Saturday Report (officially titled CBC News: Saturday Report from 2001 to 2009) was the primary Saturday newscast aired on CBC Television and CBC Newsworld from 1982 to 2009. Jacquie Perrin was the program's most recent regular anchor, although that position had rotated frequently among CBC personalities in the newscast's later years. Its format has also changed over the years, with a lengthy sports highlights segment - found in few other CBC newscasts - replaced by additional features and panel discussions in 2001.

The program was rebranded as the Saturday edition of The National in September 2009, shortly before the news division's overall relaunch in late October. CBC News: Sunday Night was similarly replaced at the same time. Saturday Report had already been using the same graphics and music as the weekday program since 2001.

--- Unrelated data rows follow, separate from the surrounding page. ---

(* Write [r_b(m)] as [u + j + (r_b(m) - j - u)]; [u] and the complement are
   represented by few repunits by peeling off the top digit of [u] in the
   mixed radix [r_b(m) = 1 + b r_b(m-1)]. *)
Lemma repunit_split m u : 1 < b -> 1 < m -> u < rb b m ->
  exists j p p', [/\ 0 < j < m, u + j <= rb b m, repsum p u,
                   repsum p' (rb b m - j - u) & p + p' <= (b - 1) * j + 1].
Proof.
move=> b_gt1; case: m => [|[|m]] // _; elim: m u => [|m IH] u ltu.
  move: ltu; rewrite rbSl rb1 muln1 => ltu.
  exists 1, u, (b - u); split => //; try lia.
  - by have := repsum_nseq u 1; rewrite rb1 muln1.
  - by have := repsum_nseq (b - u) 1; rewrite rb1 muln1; congr repsum; lia.
set R := rb b m.+2 in IH *.
have R_gt0 : 0 < R by rewrite /R rbSl; lia.
rewrite rbSl -/R in ltu *.
have := divn_eq u R; have := ltn_pmod u R_gt0.
move: (u %/ R) (u %% R) => d e lte Eu; subst u.
have [e0|e_gt0] := posnP e.
  subst e; rewrite addn0 in ltu *.
  exists 1, d, (b - d); split => //; try nia.
  - exact: repsum_nseq.
  - have -> : 1 + b * R - 1 - d * R = (b - d) * R by rewrite mulnBl; lia.
    exact: repsum_nseq.
have ltdb : d < b.
  have [//|lebd] := ltnP d b.
  have : b * R <= d * R by rewrite leq_mul2r lebd orbT.
  nia.
have [j [p [p' [Hj Hje Hp Hp' Hs]]]] := IH e lte.
exists j.+1, (d + p), (b - 1 - d + p'); split; try nia.
- exact/repsumD/Hp/repsum_nseq.
- have -> : 1 + b * R - j.+1 - (d * R + e) = (b - 1 - d) * R + (R - j - e).
    by rewrite mulnBl mulnBl mul1n; nia.
  exact/repsumD/Hp'/repsum_nseq.
Qed.

End Repunits.

Section Semigroup.

Variables a b n : nat.
Local Notation r := (rb b n).
Local Notation S := (Sab a b n).

Lemma agenE i : agen a b n i.+1 = r + a * rb b i.
Proof. by rewrite /agen subn1. Qed.

Lemma sumn_agen s :
  sumn [seq agen a b n i.+1 | i <- s] = size s * r + a * sumn [seq rb b i | i <- s].
Proof. by elim: s => [|i s IH] /=; rewrite ?muln0 // agenE IH; nia. Qed.

Lemma Sab_repsum x : S x <-> exists k t, x = k * r + a * t /\ repsum b k t.
Proof.
split=> [[s ->]|[k [t [-> [s [<- ->]]]]]]; last by exists s; rewrite sumn_agen.
by exists (size s), (sumn [seq rb b i | i <- s]); split; [exact: sumn_agen | exists s].
Qed.

Lemma SabI k t p : repsum b p t -> p <= k -> S (k * r + a * t).
Proof.
by move=> Hpt lepk; apply/Sab_repsum; exists k, t; split=> //; apply: repsum_pad Hpt lepk.
Qed.

Lemma Sab0 : S 0.
Proof. by exists [::]. Qed.

Lemma SabD x y : S x -> S y -> S (x + y).
Proof. by move=> [s ->] [s' ->]; exists (s ++ s'); rewrite map_cat sumn_cat. Qed.

Lemma Sab_sumn s : (forall y, y \in s -> S y) -> S (sumn s).
Proof.
elim: s => [|y s IH] /= Hs; first exact: Sab0.
apply: SabD; first exact/Hs/mem_head.
by apply: IH => z zs; apply: Hs; rewrite inE zs orbT.
Qed.

Lemma Sab_agen i : S (agen a b n i.+1).
Proof. by exists [:: i]; rewrite /= addn0. Qed.

End Semigroup.

Lemma coprime_mul_modn_inj r a x y : coprime r a -> x < r -> y < r ->
  a * x = a * y %[mod r] -> x = y.
Proof.
move=> cop ltxr ltyr; wlog lexy : x y ltxr ltyr / x <= y.
  move=> W; have [lexy|/ltnW leyx] := leqP x y; first exact: W.
  by move/esym/(W _ _ ltyr ltxr leyx).
move/eqP; rewrite eq_sym eqn_mod_dvd ?leq_mul2l ?lexy ?orbT // -mulnBr Gauss_dvdr //.
have [|d_gt0 /(dvdn_leq d_gt0)] := posnP (y - x); lia.
Qed.

Lemma coprime_mul_modn_onto r a x : 0 < a -> 0 < r -> coprime r a ->
  exists2 u, u < r & a * u = x %[mod r].
Proof.
move=> a_gt0 r_gt0 cop; case: (egcdnP r a_gt0) => ka kr Ea _.
rewrite gcdnC (eqP cop) in Ea.
exists ((ka * x) %% r); first exact: ltn_pmod.
by rewrite modnMmr mulnA [a * ka]mulnC Ea mulnDl mul1n mulnAC modnMDl.
Qed.

Section Gaps.

Variables a b n : nat.
Hypotheses (a_gt0 : 0 < a) (b_gt1 : 1 < b) (n_gt1 : 1 < n) (cop : coprime (rb b n) a).
Local Notation r := (rb b n).
Local Notation S := (Sab a b n).

Definition fgap (j : nat) : nat := (b - 1) * j * r + a * (r - j).

Lemma gap_below_fgap x : ~ S x -> exists j y, [/\ 0 < j < n, S y & fgap j = x + y].
Proof.
move=> xNS; have ltnr := rb_gt b_gt1 n_gt1; have r_gt0 : 0 < r by lia.
have [u ltur Eu] := coprime_mul_modn_onto x a_gt0 r_gt0 cop.
have [j [p [p' [Hj leuj Hp Hp' Hpp']]]] := repunit_split b_gt1 n_gt1 ltur.
have Ex := divn_eq x r; have Eau := divn_eq (a * u) r; rewrite Eu in Eau.
move: (x %/ r) (a * u %/ r) (x %% r) Ex Eau => X A rho Ex Eau.
(* otherwise [x] is [a u] plus at least [p] copies of [r], hence in [S] *)
have ltXAp : X < A + p.
  have [//|leAX] := ltnP X (A + p); case: xNS.
  have -> : x = (X - A) * r + a * u by rewrite Ex Eau mulnBl; nia.
  by apply: SabI Hp _; lia.
set B := (b - 1) * j in Hpp' *.
have leXr : X * r <= (B + A) * r by rewrite leq_mul2r; lia.
exists j, ((B + A - X) * r + a * (r - j - u)); split => //.
  by apply: SabI Hp' _; lia.
rewrite /fgap -/B.
have -> : a * (r - j) = a * (r - j - u) + a * u by rewrite -mulnDr subnK //; lia.
rewrite Eau Ex mulnBl mulnDl in leXr *; lia.
Qed.
Lemma clamp_norm n a : `|clamp n a| <= n%:R.
Proof.
have n0 : 0 <= n%:R :> R by [].
rewrite ler_norml; apply/andP.
by case: (clamp_cases n a) => -[h ->]; [|move: h => /andP[h h']|]; split; lra.
Qed.

Lemma clamp_sqr_le n a : clamp n a ^+ 2 <= a * clamp n a.
Proof.
have n0 : 0 <= n%:R :> R by [].
by case: (clamp_cases n a) => -[h ->]; [|move: h => /andP[h h']|]; nra.
Qed.

Lemma clamp_sqr_homo a :
  {homo (fun n => clamp n a ^+ 2) : m n / (m <= n)%N >-> m <= n}.
Proof.
move=> m n mn; have mn' : m%:R <= n%:R :> R by rewrite ler_nat.
have m0 : 0 <= m%:R :> R by [].
by case: (clamp_cases m a) => -[h ->]; case: (clamp_cases n a) => -[k ->];
  try move: h => /andP[h h']; try move: k => /andP[k k']; nra.
Qed.

Lemma clamp_id n a : `|a| <= n%:R -> clamp n a = a.
Proof.
rewrite ler_norml => /andP[h1 h2].
by case: (clamp_cases n a) => -[h ->] //; lra.
Qed.

End clamp.

Section cond_mean_zero_L2.
Context {R : realType} {dW dZ : measure_display} {Wt : measurableType dW}
  {Z : measurableType dZ} (D : probability Z R) (Wf : Z -> Wt).
Hypothesis mW : measurable_fun setT Wf.
Variables (Y : Z -> R) (m : Wt -> R).
Hypotheses (L2Y : L2 D Y) (mm : measurable_fun setT m).
Hypothesis Ym0 : cond_mean_zero D (sigmaW Wf) (fun z => Y z - m (Wf z)).

Let measurable_clamp n : measurable_fun setT (fun w => clamp n (m w)).
Proof. by apply: measurable_minr => //; exact: measurable_maxr. Qed.
Lemma theory_prime x : prime_theory (theory x).
Proof. apply chain_end_prime; [exact root_prime|apply proj2_sig]. Qed.

Lemma leW_bits_le x y : (x = y \/ ltW x y) -> bits_le (theory x) (theory y).
Proof.
  intro H; apply leW_prefix in H as [s H]. unfold theory. rewrite H, chain_end_app.
  apply chain_end_le. pose proof (proj2_sig y) as Hy. rewrite H in Hy.
  apply chain_app in Hy; tauto.
Qed.

Lemma ltW_irrefl x : ~ ltW x x.
Proof.
  intros [s [Hs H]]. apply (f_equal (@length _)) in H. rewrite length_app in H.
  destruct s; [congruence|simpl in H; lia].
Qed.

Lemma ltW_trans x y z : ltW x y -> ltW y z -> ltW x z.
Proof.
  intros [s [Hs Hxy]] [t [_ Hyz]]. exists (s ++ t). split.
  - destruct s; [congruence|discriminate].
  - rewrite Hyz, Hxy, app_assoc; auto.
Qed.

Lemma leW_RW x y z : (x = y \/ ltW x y) -> RW y z -> RW x z.
Proof.
  intros Hxy [Hyz Hbox]. split.
  - destruct Hxy as [->|Hxy]; [exact Hyz|eapply ltW_trans; eauto].
  - intros C HC. apply Hbox. eapply mem_bits_le; [apply leW_bits_le, Hxy|exact HC].
Qed.

Lemma VW_mono p x y : (x = y \/ ltW x y) -> VW p x -> VW p y.
Proof. intros Hxy; apply mem_bits_le, leW_bits_le, Hxy. Qed.

Definition canonical_model : model := Model W ltW RW VW ltW_irrefl ltW_trans leW_RW VW_mono.
(* Let $f : X \to \mathbb{R}$ be semi-Borel. If Player I has a winning strategy in $\Gamma(f)$, then there exist $r \in \mathbb{R}$ and a Cantor set $C \subseteq X$ such that $C \cap \{f \ge r\}$ is countable and dense in $C$.
   Context: Let $A$ be a non-empty countable set and $T$ a pruned tree on $A$ (a set of finite sequences of elements of $A$, closed under initial segments, in which every sequence has a proper extension in $T$). Let $X$ be the set of infinite branches of $T$, with the topology generated by the cylinder sets $O(s) = \{x \in X : s \text{ is an initial segment of } x\}$, $s \in T$. $f$ is semi-Borel if for each $r \in \mathbb{R}$ the set $\{f \ge r\} = \{x \in X : f(x) \ge r\}$ is co-analytic. A Cantor set is a subset homeomorphic to the middle-thirds Cantor set. The game $\Gamma(f)$: Player I and Player II alternate, Player I moving first; Player I plays $x_0, x_1, \dots \in A$ subject to $(x_0,\dots,x_t) \in T$ for all $t$, and after each move $x_t$ Player II plays a real number $v_t$. Player II wins the run iff $f(x_0,x_1,\dots) = \limsup_{t\to\infty} v_t$; otherwise Player I wins. *)

From Stdlib Require Import Reals List.
From Coquelicot Require Import Coquelicot.
Import ListNotations.
Open Scope R_scope.

Definition prefix {B : Type} (x : nat -> B) (n : nat) : list B :=
  map x (seq 0 n).
(* Consider $\min_{y\in\mathbb R^{n_y}}\sum_{i\in\mathcal I}f_i(y)$ with nonempty solution set $\mathcal Y^\star$, where each $f_i$ depends only on $(y_p)_{p\in\mathcal N(i)}$, and the stacked iteration $$\boldsymbol y^{k+1}=A\boldsymbol y^k-\gamma B\nabla\boldsymbol f(\boldsymbol y^k)-\boldsymbol z^k,\qquad \boldsymbol z^{k+1}=\boldsymbol z^k+C\boldsymbol y^{k+1},$$ with $A=\mathrm{diag}((A_p\otimes I_{n_{y_p}})_p)$, $B=\mathrm{diag}((B_p\otimes I_{n_{y_p}})_p)$, $C=\mathrm{diag}((C_p\otimes I_{n_{y_p}})_p)$ for matrices $A_p,B_p,C_p\in\mathbb R^{N_p\times N_p}$. Let $D=\mathrm{diag}((D_p\otimes I_{n_{y_p}})_p)$ for some $D_p\in\mathbb R^{N_p\times N_p}$. Assume each $f_i$ is convex and $L$-smooth, and: (i) $A=BD$, $B\succeq0$, $D\succ0$; (ii) $D\boldsymbol y=\boldsymbol y$ and $B\boldsymbol y=\boldsymbol y$ for all $\boldsymbol y\in\mathcal C$; (iii) $C\succeq0$ and $\mathrm{null}(C)=\mathcal C$; (iv) $BC=CB$; (v) $I-\tfrac12C-\sqrt B\,D\sqrt B\succeq0$. Let $y^\star\in\mathcal Y^\star$, $\boldsymbol y^\star$ the stacked vector with all estimates of $y_p$ equal to $y^\star_p$, and $\mathfrak M(\boldsymbol y):=\max\{\|\Pi_\perp\boldsymbol y\|\,\|\nabla\boldsymbol f(\boldsymbol y^\star)\|,\ |\boldsymbol f(\boldsymbol y)-\boldsymbol f(\boldsymbol y^\star)|\}$. Then for any $\boldsymbol y^0$, $\boldsymbol z^0=0$ and $\gamma\in(0,\lambda_{\min}(D)/L)$, the sequence satisfies $\mathfrak M(\boldsymbol y^k_{\mathrm{avg}})\le\mathcal O(1/k)$ for all $k$, where $\boldsymbol y^k_{\mathrm{avg}}=\frac1k\sum_{t=1}^k\boldsymbol y^t$.
   Context: Agents $\mathcal I=\{1,\dots,I\}$; $y=\mathrm{col}((y_p)_{p\in\mathcal P})$, $\mathcal P=\{1,\dots,P\}$, $y_p\in\mathbb R^{n_{y_p}}$; $\mathcal N(i)\subseteq\mathcal P$ are the blocks on which $f_i$ depends. For each $p$, a set $\mathcal V_p\subseteq\mathcal I$ with $\{i:p\in\mathcal N(i)\}\subseteq\mathcal V_p$, $N_p=|\mathcal V_p|$; agent $i\in\mathcal V_p$ keeps $\boldsymbol y_{i,p},\boldsymbol z_{i,p}\in\mathbb R^{n_{y_p}}$, indexed by its position $i_p$ in $\mathcal V_p$. Stacked: $\boldsymbol y=\mathrm{col}((\boldsymbol y_p)_p)$, $\boldsymbol y_p=\mathrm{col}((\boldsymbol y_{i,p})_{i\in\mathcal V_p})$, similarly $\boldsymbol z$. $\tilde{\boldsymbol y}_i$ collects agent $i$'s estimates and $\boldsymbol f(\boldsymbol y)=\sum_i f_i(\tilde{\boldsymbol y}_i)$ ($f_i$ evaluated with $y_p$ replaced by $\boldsymbol y_{i,p}$); thus the $(i,p)$ block of $\nabla\boldsymbol f(\boldsymbol y)$ is $\nabla_{y_p}f_i(\tilde{\boldsymbol y}_i)$. Consensus space $\mathcal C=\{\boldsymbol y:\boldsymbol y_p=\mathbf 1_{N_p}\otimes v_p,\ v_p\in\mathbb R^{n_{y_p}}\ \forall p\}$; $\Pi_\parallel=\mathrm{diag}((\tfrac1{N_p}\mathbf 1\mathbf 1^\top\otimes I_{n_{y_p}})_p)$ and $\Pi_\perp=I-\Pi_\parallel$. *)

From HB Require Import structures.
From mathcomp Require Import all_boot all_order all_algebra.
From mathcomp Require Import reals.
Set Implicit Arguments.
Unset Strict Implicit.
Unset Printing Implicit Defensive.
Import Order.TTheory GRing.Theory Num.Theory.
Local Open Scope ring_scope.

Section Euclid.
Variables (R : realType) (T : finType).

Definition dotv (x y : T -> R) : R := \sum_t x t * y t.
Definition normv (x : T -> R) : R := Num.sqrt (dotv x x).
Definition subv (x y : T -> R) : T -> R := fun t => x t - y t.

Definition has_gradient (f : (T -> R) -> R) (g : (T -> R) -> (T -> R)) :=
  forall x (eps : R), 0 < eps -> exists2 del : R, 0 < del &
    forall h : T -> R, normv h < del ->
      `|f (fun t => x t + h t) - f x - dotv (g x) h| <= eps * normv h.
(* Let $k\ge1$ and let $G$ be a finite $k$-connected graph with $\mathrm{Ent}(G)=k$. Then $G$ is an abstract $k$-molecule.
   Context: Graphs are finite and undirected. A graph is $k$-connected if one must remove at least $k$ vertices to disconnect it; the connectivity is the largest such $k$ (by convention the complete graph $K_m$, $m\ge3$, has connectivity $m-1$). $k$-molecule: for $k,h\ge1$, $B_k=\{b_1,\dots,b_k\}$ and a set $\mathcal B$ of edges among vertices of $B_k$, the $k$-molecule $\vartheta_{B_k}^{\mathcal B,h}$ has vertex set $B_k\cup\{v_1,\dots,v_h\}$ and edge set $\mathcal B\cup\{v_ib_j:1\le i\le h,1\le j\le k\}$, with the requirement $h\ge k-k'$ where $k'$ is the connectivity of the subgraph induced by $B_k$. A graph $G$ is an abstract $k$-molecule if there are $B\subseteq V_G$ with $|B|=k$, a $k$-molecule $\vartheta_{B_k}^{\mathcal B,h}$ and an isomorphism $G\to\vartheta_{B_k}^{\mathcal B,h}$ mapping $B$ onto $B_k$. Entanglement: in the game $\mathrm{Ent}(G,k)$ Thief plays against $k$ cops on $G$. Initially no cop is placed and Thief picks a vertex. Each round, Cops may do nothing, place a new cop (at most $k$ in total) on Thief's current vertex, or move a placed cop to Thief's current vertex; then Thief must move along an edge to an adjacent vertex not occupied by a cop, and is caught (Cops win) if he cannot. Infinite plays are won by Thief. $\mathrm{Ent}(G)$ is the least $k$ for which Cops have a winning strategy. *)

(* Finite simple graphs are given by a finType T of vertices
   and an edge relation e : rel T (assumed symmetric and irreflexive). *)
From mathcomp Require Import all_boot.
Set Implicit Arguments. Unset Strict Implicit. Unset Printing Implicit Defensive.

During the season of Hockey Night in Canada, the newscast aired nationwide at 6:00 p.m. ET / 3:00 p.m. PT on CBC Television. Otherwise it aired at 6:00 p.m. local time (7:00 AT, 7:30 NT). Additional airings were at 5:00, 9:00 and 12:00 midnight ET on Newsworld, with the 9:00 edition being frequently updated from the early-evening broadcast. The Saturday edition of The National followed a similar broadcast schedule until it was discontinued in late 2017, by which point many CBC stations had filled the timeslot with local newscasts; the remaining stations now air a simulcast of CBC News Network's rolling coverage.

Until the late 1990s, the main network also aired a late edition of Saturday Report outside of hockey season; this was later reduced to a short update and ultimately eliminated. A similar update aired during the first intermission of HNIC late games for a longer period but has since also been discontinued.

Prior to being renamed Saturday Report in 1982, the program was called The Saturday Evening News, and was anchored by Jan Tennant and alternately George McLean. The theme music used the instrumental portion of Joni Mitchell's Free Man in Paris.